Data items
------------------------------

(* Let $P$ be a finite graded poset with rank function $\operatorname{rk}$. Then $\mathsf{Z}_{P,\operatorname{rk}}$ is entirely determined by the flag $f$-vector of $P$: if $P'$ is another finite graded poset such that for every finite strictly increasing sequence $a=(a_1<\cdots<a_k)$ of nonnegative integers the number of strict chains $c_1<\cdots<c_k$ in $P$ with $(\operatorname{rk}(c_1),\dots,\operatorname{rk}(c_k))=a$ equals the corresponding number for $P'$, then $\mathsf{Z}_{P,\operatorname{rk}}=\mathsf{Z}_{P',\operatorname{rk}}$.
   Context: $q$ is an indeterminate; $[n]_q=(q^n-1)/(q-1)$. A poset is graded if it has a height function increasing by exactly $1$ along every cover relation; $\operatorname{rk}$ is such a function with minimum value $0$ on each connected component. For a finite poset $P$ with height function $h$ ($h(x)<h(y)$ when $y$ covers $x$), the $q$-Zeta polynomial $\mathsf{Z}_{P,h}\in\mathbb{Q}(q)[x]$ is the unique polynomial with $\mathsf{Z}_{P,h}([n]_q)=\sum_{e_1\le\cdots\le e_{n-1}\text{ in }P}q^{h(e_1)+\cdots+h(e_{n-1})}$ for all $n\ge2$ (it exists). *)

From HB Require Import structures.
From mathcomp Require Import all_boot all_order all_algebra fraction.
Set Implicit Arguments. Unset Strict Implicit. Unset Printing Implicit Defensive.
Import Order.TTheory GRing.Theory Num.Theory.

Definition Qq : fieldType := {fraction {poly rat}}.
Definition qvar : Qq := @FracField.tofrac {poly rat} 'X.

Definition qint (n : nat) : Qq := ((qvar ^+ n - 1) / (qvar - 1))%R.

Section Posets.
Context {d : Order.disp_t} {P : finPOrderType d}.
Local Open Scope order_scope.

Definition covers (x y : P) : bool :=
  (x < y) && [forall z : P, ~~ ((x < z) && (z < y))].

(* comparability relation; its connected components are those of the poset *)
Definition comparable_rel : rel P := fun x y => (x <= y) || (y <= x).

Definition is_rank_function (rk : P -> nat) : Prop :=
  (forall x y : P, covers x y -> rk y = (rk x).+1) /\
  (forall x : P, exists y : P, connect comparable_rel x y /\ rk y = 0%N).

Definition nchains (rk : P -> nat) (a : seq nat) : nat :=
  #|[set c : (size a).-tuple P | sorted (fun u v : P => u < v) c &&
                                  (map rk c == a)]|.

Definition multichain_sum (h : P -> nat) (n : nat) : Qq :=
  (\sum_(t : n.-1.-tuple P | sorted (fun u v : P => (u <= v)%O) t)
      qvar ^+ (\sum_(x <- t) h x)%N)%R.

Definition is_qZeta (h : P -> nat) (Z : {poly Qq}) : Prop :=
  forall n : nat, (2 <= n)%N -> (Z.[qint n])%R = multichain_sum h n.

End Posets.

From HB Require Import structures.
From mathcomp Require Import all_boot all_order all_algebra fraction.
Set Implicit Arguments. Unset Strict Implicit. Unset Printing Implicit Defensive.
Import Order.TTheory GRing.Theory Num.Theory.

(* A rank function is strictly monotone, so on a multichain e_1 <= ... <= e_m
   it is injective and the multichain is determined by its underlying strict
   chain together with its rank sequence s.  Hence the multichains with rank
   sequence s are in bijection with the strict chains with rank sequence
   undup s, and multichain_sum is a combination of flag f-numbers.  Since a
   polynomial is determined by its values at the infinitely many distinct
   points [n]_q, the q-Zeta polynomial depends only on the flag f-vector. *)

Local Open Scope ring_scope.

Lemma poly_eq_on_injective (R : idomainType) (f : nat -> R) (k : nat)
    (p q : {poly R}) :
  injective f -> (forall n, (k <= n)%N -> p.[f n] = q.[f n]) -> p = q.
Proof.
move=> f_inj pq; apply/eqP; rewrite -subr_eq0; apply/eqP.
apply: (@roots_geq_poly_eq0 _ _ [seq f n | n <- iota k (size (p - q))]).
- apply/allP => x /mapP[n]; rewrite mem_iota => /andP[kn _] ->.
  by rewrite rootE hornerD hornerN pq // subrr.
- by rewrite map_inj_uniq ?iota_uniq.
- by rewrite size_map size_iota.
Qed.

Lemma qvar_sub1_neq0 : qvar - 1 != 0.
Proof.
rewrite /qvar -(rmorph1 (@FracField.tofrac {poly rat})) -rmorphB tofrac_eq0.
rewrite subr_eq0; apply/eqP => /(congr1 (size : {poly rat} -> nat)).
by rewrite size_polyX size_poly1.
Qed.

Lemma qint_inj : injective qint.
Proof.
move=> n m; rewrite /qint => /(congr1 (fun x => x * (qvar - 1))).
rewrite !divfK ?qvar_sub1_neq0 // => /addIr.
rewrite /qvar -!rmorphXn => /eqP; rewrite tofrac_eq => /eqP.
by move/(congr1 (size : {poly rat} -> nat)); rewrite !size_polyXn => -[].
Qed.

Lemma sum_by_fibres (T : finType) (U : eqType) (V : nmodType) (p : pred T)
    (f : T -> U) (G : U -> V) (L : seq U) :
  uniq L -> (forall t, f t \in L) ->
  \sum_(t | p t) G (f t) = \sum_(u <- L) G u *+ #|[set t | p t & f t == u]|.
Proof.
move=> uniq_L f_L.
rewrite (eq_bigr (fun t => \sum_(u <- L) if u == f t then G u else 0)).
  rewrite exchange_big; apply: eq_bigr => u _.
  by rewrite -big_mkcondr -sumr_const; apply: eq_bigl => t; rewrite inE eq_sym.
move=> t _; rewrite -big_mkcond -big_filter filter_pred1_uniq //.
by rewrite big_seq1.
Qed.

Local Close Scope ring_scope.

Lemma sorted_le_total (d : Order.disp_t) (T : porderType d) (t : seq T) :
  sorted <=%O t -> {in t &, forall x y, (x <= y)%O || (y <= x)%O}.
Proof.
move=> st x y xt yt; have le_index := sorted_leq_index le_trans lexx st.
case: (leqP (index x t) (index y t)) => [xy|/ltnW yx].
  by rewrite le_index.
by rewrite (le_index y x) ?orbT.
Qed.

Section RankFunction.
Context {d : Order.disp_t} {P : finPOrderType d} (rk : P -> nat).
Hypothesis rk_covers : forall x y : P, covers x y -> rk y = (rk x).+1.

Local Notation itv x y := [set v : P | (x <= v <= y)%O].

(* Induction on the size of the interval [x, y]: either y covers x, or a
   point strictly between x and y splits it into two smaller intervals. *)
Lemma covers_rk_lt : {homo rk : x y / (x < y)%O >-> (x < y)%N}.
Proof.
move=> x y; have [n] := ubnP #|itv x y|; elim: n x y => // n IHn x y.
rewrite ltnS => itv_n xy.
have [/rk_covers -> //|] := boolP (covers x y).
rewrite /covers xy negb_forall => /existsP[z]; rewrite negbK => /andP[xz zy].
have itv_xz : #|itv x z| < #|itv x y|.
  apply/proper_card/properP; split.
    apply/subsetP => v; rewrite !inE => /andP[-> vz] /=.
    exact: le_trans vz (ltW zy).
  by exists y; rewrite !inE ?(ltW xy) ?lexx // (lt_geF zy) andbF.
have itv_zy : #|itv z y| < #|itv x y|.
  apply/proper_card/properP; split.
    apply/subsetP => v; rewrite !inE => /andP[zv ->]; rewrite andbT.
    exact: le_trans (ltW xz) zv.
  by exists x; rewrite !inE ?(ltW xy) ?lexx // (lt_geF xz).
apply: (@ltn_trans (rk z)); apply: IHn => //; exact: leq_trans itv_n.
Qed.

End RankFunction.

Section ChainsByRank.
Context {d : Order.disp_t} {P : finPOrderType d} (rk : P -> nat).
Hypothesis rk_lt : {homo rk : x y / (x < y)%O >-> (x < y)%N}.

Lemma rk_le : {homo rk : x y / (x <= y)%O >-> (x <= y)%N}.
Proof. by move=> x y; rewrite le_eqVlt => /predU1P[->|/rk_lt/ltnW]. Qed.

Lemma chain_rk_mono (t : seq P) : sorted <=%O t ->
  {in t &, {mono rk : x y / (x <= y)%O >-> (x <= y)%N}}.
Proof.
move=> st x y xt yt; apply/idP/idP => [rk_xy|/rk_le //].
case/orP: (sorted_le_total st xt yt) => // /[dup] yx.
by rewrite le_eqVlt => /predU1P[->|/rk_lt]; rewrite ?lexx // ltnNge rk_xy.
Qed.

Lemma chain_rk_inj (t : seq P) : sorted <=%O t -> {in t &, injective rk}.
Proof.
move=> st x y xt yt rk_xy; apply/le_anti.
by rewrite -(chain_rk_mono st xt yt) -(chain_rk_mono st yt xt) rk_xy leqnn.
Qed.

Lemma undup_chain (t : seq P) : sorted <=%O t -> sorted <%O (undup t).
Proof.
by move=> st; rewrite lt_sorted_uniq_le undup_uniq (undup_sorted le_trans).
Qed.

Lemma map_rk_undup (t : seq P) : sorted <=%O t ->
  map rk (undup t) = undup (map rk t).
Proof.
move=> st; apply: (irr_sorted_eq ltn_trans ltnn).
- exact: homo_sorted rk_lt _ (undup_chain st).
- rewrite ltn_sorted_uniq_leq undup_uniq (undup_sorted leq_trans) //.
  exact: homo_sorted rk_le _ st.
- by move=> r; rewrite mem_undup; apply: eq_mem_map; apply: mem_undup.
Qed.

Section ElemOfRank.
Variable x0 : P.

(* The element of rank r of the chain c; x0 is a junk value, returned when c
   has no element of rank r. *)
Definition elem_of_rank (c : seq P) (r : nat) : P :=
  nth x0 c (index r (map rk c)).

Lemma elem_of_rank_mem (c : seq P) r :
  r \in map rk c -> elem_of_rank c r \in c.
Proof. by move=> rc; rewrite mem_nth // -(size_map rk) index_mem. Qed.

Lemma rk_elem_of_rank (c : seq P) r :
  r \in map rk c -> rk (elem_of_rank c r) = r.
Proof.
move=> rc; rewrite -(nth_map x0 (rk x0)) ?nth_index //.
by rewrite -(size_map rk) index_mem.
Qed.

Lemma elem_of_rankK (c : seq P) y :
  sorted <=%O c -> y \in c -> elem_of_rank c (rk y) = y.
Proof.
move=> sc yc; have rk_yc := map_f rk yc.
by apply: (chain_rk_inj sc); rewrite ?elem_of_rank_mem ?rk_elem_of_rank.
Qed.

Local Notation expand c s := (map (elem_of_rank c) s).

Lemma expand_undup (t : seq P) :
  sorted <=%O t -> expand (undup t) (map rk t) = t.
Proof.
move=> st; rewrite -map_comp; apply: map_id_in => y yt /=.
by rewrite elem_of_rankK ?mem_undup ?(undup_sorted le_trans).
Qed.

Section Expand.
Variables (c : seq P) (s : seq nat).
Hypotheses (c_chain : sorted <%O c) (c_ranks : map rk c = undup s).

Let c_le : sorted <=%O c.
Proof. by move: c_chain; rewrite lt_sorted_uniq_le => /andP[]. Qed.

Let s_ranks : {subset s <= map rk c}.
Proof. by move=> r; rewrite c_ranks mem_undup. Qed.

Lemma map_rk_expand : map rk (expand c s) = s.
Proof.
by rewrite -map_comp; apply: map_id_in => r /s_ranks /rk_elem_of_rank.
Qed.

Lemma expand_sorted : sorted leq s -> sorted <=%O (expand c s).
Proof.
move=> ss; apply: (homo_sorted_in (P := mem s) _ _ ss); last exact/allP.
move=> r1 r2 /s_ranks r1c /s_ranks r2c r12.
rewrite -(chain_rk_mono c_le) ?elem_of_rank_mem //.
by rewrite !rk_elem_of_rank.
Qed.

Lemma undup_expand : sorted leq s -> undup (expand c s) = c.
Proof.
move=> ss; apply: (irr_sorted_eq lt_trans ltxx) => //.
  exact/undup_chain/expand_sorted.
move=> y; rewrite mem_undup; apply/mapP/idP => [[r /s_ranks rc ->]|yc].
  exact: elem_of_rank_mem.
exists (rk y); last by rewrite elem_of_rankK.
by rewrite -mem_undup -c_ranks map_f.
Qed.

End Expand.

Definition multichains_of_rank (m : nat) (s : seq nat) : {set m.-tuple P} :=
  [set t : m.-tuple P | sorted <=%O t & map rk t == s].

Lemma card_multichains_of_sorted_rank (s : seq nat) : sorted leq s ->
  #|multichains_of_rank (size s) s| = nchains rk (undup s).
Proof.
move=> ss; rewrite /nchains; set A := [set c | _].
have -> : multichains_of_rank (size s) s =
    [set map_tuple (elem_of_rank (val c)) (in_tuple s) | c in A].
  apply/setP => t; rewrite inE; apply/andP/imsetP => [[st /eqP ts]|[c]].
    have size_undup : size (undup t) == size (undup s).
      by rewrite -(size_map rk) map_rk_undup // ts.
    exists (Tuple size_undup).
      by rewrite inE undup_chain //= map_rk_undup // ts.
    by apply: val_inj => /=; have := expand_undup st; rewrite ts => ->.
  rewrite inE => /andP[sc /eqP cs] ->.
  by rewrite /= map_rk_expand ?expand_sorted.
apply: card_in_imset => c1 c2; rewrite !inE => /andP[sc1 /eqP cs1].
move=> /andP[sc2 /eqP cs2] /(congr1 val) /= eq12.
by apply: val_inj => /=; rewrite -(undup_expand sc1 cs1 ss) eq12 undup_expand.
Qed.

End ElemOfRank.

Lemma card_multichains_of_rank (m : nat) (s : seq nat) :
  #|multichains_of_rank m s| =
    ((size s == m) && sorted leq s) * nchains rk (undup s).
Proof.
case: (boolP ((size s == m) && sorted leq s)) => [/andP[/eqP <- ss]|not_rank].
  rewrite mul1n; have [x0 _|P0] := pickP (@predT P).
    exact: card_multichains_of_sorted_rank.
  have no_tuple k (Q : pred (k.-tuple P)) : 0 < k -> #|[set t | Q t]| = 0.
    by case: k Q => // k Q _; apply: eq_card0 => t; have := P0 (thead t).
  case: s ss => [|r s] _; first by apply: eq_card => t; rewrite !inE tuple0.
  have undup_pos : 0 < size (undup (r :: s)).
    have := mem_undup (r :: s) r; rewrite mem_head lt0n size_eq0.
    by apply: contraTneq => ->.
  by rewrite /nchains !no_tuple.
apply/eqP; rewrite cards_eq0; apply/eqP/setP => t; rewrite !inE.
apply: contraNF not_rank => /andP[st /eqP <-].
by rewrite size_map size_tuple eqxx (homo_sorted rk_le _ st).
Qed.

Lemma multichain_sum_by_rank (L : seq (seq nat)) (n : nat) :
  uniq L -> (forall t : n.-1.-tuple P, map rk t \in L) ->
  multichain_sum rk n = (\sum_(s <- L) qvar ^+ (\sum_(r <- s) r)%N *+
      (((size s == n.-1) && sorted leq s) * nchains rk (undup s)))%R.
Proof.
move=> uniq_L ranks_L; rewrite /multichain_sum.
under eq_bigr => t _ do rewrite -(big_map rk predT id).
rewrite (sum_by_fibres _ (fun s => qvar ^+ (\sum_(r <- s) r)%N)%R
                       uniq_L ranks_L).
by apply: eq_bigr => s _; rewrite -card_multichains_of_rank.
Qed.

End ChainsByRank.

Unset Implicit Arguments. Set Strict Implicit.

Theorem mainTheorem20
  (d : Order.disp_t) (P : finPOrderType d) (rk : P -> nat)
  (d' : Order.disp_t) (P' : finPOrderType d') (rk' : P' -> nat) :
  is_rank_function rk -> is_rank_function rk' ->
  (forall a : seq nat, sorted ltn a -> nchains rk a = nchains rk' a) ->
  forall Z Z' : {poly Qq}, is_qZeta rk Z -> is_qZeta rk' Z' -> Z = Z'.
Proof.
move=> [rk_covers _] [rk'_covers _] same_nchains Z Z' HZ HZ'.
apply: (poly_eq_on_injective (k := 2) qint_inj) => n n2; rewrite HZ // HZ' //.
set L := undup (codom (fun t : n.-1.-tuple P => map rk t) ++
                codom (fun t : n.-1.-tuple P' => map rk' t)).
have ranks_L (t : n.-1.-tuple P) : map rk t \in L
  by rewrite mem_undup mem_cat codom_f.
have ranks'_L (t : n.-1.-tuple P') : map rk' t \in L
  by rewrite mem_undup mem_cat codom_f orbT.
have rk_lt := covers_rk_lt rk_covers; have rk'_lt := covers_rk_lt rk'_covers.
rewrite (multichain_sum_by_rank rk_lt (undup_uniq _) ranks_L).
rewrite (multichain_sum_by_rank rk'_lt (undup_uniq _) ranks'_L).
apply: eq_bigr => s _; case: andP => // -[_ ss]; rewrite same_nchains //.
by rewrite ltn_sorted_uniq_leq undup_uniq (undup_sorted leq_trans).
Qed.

------------------------------

**What the exercise asks:** The answer must be a single number: how many lines of the data hold the word "predT".

**Task solution:** 2